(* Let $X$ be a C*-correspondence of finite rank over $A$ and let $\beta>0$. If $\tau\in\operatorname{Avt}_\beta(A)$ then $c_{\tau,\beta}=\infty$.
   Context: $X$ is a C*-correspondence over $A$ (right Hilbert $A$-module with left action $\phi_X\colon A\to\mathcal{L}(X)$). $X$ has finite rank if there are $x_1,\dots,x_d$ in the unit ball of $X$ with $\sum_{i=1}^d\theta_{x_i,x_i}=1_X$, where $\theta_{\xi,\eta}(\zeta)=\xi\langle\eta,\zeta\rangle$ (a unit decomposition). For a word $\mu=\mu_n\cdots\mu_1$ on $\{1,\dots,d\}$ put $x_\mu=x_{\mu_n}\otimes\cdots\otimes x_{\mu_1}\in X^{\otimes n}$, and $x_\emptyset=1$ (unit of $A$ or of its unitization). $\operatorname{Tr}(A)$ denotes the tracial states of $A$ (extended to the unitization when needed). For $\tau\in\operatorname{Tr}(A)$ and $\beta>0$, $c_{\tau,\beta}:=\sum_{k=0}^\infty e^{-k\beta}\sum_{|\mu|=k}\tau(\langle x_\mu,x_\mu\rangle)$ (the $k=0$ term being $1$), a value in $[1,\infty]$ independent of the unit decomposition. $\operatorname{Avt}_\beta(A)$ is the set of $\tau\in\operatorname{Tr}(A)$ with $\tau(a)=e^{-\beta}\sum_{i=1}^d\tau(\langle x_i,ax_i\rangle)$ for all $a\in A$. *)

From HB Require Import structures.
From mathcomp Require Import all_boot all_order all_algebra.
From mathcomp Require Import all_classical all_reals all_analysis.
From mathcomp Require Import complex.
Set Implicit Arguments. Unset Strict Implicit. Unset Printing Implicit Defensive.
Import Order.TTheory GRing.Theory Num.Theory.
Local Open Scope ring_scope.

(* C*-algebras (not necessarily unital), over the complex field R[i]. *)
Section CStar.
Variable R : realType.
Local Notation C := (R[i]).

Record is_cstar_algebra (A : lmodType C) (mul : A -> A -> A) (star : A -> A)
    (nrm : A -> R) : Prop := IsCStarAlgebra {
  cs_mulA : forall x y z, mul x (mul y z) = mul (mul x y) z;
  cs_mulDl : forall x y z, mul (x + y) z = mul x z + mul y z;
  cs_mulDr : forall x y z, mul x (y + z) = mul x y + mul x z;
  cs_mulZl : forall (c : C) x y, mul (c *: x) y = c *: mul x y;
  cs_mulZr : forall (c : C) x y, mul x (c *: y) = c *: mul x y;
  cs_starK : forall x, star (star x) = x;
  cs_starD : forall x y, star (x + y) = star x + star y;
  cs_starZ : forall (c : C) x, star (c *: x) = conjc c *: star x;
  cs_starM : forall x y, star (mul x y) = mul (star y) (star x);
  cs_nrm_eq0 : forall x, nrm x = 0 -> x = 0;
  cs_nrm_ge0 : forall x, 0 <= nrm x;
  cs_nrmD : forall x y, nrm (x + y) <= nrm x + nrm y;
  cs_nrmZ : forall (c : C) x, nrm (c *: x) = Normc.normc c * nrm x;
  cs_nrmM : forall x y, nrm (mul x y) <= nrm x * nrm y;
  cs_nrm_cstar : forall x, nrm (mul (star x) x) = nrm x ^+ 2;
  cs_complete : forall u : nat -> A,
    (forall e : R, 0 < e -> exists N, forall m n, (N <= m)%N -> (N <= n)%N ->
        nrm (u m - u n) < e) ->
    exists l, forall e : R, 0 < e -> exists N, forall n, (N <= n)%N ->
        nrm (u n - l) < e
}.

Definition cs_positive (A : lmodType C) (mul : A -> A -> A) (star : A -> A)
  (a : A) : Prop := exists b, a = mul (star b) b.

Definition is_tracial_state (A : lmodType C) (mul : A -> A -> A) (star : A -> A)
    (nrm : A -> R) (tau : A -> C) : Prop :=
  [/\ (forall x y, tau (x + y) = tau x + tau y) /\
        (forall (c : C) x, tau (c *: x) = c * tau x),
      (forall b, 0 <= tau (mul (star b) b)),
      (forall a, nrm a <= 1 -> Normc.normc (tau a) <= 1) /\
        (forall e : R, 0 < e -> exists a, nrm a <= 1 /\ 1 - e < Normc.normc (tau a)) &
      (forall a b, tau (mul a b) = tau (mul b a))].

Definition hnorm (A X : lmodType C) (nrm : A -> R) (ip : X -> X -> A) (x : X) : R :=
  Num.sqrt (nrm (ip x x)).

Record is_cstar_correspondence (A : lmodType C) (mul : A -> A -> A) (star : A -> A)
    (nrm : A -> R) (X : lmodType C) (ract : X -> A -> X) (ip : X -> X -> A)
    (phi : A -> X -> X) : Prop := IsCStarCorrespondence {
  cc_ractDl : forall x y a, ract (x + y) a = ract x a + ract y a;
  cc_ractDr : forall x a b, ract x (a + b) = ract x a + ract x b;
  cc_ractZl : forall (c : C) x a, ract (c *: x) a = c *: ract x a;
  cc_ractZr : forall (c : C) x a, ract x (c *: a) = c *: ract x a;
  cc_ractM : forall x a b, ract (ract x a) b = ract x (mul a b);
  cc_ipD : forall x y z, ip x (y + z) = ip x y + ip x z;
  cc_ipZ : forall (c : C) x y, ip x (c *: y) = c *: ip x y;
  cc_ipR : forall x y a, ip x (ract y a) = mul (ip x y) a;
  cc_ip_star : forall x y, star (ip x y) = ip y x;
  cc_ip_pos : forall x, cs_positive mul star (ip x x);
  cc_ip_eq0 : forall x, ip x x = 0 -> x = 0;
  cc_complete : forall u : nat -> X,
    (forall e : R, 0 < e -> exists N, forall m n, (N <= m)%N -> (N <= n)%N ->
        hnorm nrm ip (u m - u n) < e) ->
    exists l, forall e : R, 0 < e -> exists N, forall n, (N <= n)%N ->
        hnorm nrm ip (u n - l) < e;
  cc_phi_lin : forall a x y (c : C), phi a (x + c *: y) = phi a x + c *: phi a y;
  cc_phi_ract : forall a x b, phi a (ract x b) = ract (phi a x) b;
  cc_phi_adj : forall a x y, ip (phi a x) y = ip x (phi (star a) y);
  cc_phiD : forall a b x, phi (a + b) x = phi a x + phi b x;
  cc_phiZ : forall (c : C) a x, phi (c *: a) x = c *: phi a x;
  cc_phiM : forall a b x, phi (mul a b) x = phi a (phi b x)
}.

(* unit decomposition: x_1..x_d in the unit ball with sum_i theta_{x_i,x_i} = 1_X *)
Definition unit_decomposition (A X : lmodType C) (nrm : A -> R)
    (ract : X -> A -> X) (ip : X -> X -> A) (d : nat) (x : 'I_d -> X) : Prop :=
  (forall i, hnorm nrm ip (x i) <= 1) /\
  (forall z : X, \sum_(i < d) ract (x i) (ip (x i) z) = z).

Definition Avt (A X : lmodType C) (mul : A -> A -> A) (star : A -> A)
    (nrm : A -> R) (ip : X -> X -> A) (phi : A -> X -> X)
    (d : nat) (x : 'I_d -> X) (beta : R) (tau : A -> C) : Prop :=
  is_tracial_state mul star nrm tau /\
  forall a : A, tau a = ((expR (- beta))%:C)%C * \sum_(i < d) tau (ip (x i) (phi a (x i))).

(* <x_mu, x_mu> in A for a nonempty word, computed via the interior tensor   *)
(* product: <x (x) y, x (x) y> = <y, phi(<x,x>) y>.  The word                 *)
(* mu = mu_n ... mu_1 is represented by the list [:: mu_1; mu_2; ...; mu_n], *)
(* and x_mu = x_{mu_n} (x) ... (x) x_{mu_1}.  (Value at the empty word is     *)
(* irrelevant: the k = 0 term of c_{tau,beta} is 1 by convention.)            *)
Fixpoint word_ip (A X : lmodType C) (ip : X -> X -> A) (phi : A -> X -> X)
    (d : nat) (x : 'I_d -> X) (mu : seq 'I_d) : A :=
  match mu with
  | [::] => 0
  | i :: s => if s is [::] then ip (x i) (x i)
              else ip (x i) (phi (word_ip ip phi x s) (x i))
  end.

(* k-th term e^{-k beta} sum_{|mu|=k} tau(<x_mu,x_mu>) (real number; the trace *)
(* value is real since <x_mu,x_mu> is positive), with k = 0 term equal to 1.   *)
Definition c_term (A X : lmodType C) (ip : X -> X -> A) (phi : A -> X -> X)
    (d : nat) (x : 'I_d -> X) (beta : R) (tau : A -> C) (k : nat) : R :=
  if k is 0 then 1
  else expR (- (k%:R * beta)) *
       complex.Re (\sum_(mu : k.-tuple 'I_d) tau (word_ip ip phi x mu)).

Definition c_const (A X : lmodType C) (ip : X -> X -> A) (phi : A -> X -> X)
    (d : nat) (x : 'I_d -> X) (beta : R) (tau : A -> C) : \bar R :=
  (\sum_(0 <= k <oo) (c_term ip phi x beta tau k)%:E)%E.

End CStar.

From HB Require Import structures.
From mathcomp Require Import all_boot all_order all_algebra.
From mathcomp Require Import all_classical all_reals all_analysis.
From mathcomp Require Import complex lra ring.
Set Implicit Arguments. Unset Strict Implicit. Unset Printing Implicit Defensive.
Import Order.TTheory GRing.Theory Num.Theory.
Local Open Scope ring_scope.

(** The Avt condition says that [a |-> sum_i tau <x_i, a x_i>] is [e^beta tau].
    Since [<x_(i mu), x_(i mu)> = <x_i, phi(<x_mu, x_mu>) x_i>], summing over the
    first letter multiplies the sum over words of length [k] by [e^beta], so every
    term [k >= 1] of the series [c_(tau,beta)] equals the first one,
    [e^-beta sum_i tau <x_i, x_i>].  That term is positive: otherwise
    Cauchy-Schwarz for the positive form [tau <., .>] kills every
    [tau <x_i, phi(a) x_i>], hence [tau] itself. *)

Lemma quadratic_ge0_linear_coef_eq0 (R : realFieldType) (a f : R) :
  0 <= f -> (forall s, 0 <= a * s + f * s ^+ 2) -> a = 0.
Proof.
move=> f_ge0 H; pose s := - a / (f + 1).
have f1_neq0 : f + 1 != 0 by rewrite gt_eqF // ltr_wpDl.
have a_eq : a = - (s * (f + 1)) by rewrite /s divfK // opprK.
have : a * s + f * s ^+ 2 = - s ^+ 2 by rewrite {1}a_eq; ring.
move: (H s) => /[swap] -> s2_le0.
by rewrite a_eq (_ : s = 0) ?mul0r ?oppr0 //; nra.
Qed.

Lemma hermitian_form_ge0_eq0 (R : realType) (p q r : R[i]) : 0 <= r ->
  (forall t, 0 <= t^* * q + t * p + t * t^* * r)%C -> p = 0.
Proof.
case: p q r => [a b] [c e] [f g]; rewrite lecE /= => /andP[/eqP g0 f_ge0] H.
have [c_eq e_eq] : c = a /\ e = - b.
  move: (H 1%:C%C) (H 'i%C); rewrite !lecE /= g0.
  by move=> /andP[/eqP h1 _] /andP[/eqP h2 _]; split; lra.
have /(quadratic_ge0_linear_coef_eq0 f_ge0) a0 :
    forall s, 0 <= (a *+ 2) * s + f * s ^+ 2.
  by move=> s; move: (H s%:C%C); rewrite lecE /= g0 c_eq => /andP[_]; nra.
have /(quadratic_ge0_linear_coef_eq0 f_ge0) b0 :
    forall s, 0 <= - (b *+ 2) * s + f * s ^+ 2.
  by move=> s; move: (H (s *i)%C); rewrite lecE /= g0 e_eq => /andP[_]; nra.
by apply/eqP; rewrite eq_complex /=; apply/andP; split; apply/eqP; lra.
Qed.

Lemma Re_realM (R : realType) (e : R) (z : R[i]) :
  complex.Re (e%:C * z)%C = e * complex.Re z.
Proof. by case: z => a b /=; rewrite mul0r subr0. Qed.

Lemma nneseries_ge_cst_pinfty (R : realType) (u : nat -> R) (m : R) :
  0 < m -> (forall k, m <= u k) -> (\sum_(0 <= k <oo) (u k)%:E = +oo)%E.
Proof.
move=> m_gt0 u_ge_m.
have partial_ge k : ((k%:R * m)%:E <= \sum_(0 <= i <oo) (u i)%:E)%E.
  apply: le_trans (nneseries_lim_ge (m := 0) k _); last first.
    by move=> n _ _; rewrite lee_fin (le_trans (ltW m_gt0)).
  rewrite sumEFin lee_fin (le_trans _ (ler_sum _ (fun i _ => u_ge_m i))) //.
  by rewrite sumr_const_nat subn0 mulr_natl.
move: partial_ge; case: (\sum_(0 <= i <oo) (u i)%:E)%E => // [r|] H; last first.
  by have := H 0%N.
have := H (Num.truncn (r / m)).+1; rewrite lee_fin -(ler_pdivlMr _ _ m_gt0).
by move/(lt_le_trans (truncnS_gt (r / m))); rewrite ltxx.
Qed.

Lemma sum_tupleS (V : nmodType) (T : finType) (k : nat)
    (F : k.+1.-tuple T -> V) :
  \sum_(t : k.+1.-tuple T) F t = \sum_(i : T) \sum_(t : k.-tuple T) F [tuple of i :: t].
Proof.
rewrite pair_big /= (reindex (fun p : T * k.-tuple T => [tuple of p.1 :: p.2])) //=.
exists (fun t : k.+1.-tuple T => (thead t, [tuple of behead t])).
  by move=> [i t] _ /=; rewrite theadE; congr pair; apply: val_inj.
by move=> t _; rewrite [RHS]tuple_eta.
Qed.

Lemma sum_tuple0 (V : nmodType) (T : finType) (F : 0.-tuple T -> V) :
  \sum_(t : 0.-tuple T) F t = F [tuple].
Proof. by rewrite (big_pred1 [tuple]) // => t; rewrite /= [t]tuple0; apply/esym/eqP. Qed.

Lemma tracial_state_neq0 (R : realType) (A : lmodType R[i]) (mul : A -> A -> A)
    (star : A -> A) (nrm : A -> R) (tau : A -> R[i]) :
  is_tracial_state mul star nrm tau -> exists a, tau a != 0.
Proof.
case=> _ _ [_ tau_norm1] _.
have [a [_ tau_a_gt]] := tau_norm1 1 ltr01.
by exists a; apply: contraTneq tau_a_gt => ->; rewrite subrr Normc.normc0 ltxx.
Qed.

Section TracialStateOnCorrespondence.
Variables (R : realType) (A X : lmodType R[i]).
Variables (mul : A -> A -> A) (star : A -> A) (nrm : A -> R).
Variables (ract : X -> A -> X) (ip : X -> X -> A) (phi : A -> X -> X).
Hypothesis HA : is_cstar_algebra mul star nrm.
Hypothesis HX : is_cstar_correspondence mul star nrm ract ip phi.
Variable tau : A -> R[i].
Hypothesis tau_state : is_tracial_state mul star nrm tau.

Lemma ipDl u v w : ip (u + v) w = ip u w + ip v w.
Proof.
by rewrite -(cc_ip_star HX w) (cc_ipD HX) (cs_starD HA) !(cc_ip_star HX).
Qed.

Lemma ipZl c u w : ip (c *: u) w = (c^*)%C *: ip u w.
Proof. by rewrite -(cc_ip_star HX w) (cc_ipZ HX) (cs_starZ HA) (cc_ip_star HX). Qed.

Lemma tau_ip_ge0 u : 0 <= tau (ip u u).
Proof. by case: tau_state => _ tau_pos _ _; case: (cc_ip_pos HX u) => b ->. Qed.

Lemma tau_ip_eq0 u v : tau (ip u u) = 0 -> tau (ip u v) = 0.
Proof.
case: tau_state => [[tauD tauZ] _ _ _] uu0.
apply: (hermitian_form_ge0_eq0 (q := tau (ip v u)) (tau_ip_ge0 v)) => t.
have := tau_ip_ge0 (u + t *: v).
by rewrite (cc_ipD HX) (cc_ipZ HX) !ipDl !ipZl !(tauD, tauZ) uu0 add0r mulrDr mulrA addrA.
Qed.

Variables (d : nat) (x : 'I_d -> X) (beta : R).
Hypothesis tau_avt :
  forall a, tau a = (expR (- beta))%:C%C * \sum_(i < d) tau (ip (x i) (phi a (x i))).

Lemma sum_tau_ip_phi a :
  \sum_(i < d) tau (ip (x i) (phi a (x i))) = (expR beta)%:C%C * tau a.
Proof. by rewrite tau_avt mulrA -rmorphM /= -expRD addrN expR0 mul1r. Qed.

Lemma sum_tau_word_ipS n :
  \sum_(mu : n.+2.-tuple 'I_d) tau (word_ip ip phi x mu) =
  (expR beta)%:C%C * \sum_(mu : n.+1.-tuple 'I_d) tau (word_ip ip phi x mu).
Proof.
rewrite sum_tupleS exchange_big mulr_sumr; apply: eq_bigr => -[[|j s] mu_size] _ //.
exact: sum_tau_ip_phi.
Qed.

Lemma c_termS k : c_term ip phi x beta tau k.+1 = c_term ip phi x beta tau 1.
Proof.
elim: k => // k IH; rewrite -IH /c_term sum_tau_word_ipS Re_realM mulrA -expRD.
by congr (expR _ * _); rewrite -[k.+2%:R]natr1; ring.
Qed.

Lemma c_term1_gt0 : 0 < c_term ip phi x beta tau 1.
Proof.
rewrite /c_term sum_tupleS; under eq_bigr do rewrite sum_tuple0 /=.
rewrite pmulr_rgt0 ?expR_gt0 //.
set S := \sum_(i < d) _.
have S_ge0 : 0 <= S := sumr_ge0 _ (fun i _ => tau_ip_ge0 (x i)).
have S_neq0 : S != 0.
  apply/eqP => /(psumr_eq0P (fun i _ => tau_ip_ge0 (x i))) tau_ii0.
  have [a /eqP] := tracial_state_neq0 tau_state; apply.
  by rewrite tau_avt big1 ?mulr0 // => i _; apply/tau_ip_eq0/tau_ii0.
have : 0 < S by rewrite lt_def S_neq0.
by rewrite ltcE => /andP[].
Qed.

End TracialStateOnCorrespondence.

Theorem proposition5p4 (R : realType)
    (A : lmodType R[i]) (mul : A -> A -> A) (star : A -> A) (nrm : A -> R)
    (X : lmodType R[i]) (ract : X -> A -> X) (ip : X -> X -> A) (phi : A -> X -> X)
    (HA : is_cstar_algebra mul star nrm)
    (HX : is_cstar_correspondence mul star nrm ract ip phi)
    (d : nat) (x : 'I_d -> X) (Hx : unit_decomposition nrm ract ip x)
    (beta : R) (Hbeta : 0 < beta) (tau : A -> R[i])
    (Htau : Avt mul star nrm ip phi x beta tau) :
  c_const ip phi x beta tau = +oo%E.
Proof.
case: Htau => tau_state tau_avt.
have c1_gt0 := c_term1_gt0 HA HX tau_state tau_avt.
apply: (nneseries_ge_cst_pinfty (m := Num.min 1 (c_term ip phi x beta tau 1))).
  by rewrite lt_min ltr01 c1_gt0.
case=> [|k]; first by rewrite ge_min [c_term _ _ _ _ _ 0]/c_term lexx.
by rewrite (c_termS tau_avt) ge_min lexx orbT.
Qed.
---*---
## Brief:
Above are the entries. Output exactly the lines beginning with the line that has "move: (H 1%:C%C)" and ending with the line that has "have partial_ge k".

## Final answer:
  move: (H 1%:C%C) (H 'i%C); rewrite !lecE /= g0.
  by move=> /andP[/eqP h1 _] /andP[/eqP h2 _]; split; lra.
have /(quadratic_ge0_linear_coef_eq0 f_ge0) a0 :
    forall s, 0 <= (a *+ 2) * s + f * s ^+ 2.
  by move=> s; move: (H s%:C%C); rewrite lecE /= g0 c_eq => /andP[_]; nra.
have /(quadratic_ge0_linear_coef_eq0 f_ge0) b0 :
    forall s, 0 <= - (b *+ 2) * s + f * s ^+ 2.
  by move=> s; move: (H (s *i)%C); rewrite lecE /= g0 e_eq => /andP[_]; nra.
by apply/eqP; rewrite eq_complex /=; apply/andP; split; apply/eqP; lra.
Qed.

Lemma Re_realM (R : realType) (e : R) (z : R[i]) :
  complex.Re (e%:C * z)%C = e * complex.Re z.
Proof. by case: z => a b /=; rewrite mul0r subr0. Qed.

Lemma nneseries_ge_cst_pinfty (R : realType) (u : nat -> R) (m : R) :
  0 < m -> (forall k, m <= u k) -> (\sum_(0 <= k <oo) (u k)%:E = +oo)%E.
Proof.
move=> m_gt0 u_ge_m.
have partial_ge k : ((k%:R * m)%:E <= \sum_(0 <= i <oo) (u i)%:E)%E.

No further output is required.